WHAT TO DO: Could you return all of the records exactly as they stand?

SOURCE MATERIAL:

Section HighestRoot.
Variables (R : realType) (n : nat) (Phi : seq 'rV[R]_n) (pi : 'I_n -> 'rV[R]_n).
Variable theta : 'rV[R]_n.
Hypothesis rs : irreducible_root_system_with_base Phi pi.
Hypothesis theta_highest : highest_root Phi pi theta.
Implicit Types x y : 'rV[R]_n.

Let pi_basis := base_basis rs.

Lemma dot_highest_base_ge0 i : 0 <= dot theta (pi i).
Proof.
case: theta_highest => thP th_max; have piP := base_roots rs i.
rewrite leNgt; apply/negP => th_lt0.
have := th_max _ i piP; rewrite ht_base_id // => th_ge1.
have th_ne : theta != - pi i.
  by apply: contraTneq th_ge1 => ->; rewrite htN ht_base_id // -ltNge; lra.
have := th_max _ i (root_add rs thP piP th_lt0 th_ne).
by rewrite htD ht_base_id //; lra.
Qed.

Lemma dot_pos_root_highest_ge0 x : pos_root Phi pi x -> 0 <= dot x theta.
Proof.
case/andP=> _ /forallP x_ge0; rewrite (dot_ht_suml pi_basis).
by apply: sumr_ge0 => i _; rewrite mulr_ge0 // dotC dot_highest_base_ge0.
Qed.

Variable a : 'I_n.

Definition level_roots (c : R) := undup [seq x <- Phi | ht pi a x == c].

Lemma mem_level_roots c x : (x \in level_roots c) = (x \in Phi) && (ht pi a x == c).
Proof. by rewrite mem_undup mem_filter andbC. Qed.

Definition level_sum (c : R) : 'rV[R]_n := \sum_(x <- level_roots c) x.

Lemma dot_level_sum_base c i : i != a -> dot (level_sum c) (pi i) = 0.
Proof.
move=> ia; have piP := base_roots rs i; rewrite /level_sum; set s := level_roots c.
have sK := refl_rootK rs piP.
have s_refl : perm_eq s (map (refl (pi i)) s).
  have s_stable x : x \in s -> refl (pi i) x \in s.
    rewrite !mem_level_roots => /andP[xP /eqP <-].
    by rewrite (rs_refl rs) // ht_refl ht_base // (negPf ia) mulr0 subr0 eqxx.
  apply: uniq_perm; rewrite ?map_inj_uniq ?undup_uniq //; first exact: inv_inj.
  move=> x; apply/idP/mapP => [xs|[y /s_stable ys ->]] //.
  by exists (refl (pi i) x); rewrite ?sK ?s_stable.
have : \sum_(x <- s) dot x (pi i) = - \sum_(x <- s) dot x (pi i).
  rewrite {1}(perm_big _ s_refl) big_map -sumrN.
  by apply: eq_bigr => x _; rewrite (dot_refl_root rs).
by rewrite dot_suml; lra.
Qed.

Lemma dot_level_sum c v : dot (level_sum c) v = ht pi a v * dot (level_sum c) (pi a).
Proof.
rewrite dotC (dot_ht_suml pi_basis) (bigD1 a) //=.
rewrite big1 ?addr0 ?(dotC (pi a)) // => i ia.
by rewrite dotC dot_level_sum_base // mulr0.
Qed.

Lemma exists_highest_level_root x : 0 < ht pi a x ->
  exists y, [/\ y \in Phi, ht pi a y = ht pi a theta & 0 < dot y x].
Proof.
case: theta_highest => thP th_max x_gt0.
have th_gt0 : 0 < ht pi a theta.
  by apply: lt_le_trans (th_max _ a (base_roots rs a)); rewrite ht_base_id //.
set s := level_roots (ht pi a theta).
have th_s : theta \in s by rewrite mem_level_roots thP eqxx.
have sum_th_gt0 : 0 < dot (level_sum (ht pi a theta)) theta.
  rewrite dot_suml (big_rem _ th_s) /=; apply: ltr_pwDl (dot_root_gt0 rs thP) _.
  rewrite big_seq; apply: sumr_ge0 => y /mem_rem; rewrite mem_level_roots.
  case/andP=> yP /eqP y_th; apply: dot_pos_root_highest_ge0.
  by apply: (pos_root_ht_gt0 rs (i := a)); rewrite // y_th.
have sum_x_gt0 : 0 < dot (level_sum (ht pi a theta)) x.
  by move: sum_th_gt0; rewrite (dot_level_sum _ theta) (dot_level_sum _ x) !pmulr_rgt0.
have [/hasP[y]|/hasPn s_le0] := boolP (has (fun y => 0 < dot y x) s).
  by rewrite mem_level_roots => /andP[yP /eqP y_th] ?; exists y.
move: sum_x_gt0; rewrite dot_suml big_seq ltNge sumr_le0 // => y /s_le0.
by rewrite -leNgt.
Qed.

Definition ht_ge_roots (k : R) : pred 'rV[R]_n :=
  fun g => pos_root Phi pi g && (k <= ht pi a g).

EXERCISE SOLUTION:
Section HighestRoot.
Variables (R : realType) (n : nat) (Phi : seq 'rV[R]_n) (pi : 'I_n -> 'rV[R]_n).
Variable theta : 'rV[R]_n.
Hypothesis rs : irreducible_root_system_with_base Phi pi.
Hypothesis theta_highest : highest_root Phi pi theta.
Implicit Types x y : 'rV[R]_n.

Let pi_basis := base_basis rs.

Lemma dot_highest_base_ge0 i : 0 <= dot theta (pi i).
Proof.
case: theta_highest => thP th_max; have piP := base_roots rs i.
rewrite leNgt; apply/negP => th_lt0.
have := th_max _ i piP; rewrite ht_base_id // => th_ge1.
have th_ne : theta != - pi i.
  by apply: contraTneq th_ge1 => ->; rewrite htN ht_base_id // -ltNge; lra.
have := th_max _ i (root_add rs thP piP th_lt0 th_ne).
by rewrite htD ht_base_id //; lra.
Qed.

Lemma dot_pos_root_highest_ge0 x : pos_root Phi pi x -> 0 <= dot x theta.
Proof.
case/andP=> _ /forallP x_ge0; rewrite (dot_ht_suml pi_basis).
by apply: sumr_ge0 => i _; rewrite mulr_ge0 // dotC dot_highest_base_ge0.
Qed.

Variable a : 'I_n.

Definition level_roots (c : R) := undup [seq x <- Phi | ht pi a x == c].

Lemma mem_level_roots c x : (x \in level_roots c) = (x \in Phi) && (ht pi a x == c).
Proof. by rewrite mem_undup mem_filter andbC. Qed.

Definition level_sum (c : R) : 'rV[R]_n := \sum_(x <- level_roots c) x.

Lemma dot_level_sum_base c i : i != a -> dot (level_sum c) (pi i) = 0.
Proof.
move=> ia; have piP := base_roots rs i; rewrite /level_sum; set s := level_roots c.
have sK := refl_rootK rs piP.
have s_refl : perm_eq s (map (refl (pi i)) s).
  have s_stable x : x \in s -> refl (pi i) x \in s.
    rewrite !mem_level_roots => /andP[xP /eqP <-].
    by rewrite (rs_refl rs) // ht_refl ht_base // (negPf ia) mulr0 subr0 eqxx.
  apply: uniq_perm; rewrite ?map_inj_uniq ?undup_uniq //; first exact: inv_inj.
  move=> x; apply/idP/mapP => [xs|[y /s_stable ys ->]] //.
  by exists (refl (pi i) x); rewrite ?sK ?s_stable.
have : \sum_(x <- s) dot x (pi i) = - \sum_(x <- s) dot x (pi i).
  rewrite {1}(perm_big _ s_refl) big_map -sumrN.
  by apply: eq_bigr => x _; rewrite (dot_refl_root rs).
by rewrite dot_suml; lra.
Qed.

Lemma dot_level_sum c v : dot (level_sum c) v = ht pi a v * dot (level_sum c) (pi a).
Proof.
rewrite dotC (dot_ht_suml pi_basis) (bigD1 a) //=.
rewrite big1 ?addr0 ?(dotC (pi a)) // => i ia.
by rewrite dotC dot_level_sum_base // mulr0.
Qed.

Lemma exists_highest_level_root x : 0 < ht pi a x ->
  exists y, [/\ y \in Phi, ht pi a y = ht pi a theta & 0 < dot y x].
Proof.
case: theta_highest => thP th_max x_gt0.
have th_gt0 : 0 < ht pi a theta.
  by apply: lt_le_trans (th_max _ a (base_roots rs a)); rewrite ht_base_id //.
set s := level_roots (ht pi a theta).
have th_s : theta \in s by rewrite mem_level_roots thP eqxx.
have sum_th_gt0 : 0 < dot (level_sum (ht pi a theta)) theta.
  rewrite dot_suml (big_rem _ th_s) /=; apply: ltr_pwDl (dot_root_gt0 rs thP) _.
  rewrite big_seq; apply: sumr_ge0 => y /mem_rem; rewrite mem_level_roots.
  case/andP=> yP /eqP y_th; apply: dot_pos_root_highest_ge0.
  by apply: (pos_root_ht_gt0 rs (i := a)); rewrite // y_th.
have sum_x_gt0 : 0 < dot (level_sum (ht pi a theta)) x.
  by move: sum_th_gt0; rewrite (dot_level_sum _ theta) (dot_level_sum _ x) !pmulr_rgt0.
have [/hasP[y]|/hasPn s_le0] := boolP (has (fun y => 0 < dot y x) s).
  by rewrite mem_level_roots => /andP[yP /eqP y_th] ?; exists y.
move: sum_x_gt0; rewrite dot_suml big_seq ltNge sumr_le0 // => y /s_le0.
by rewrite -leNgt.
Qed.

Definition ht_ge_roots (k : R) : pred 'rV[R]_n :=
  fun g => pos_root Phi pi g && (k <= ht pi a g).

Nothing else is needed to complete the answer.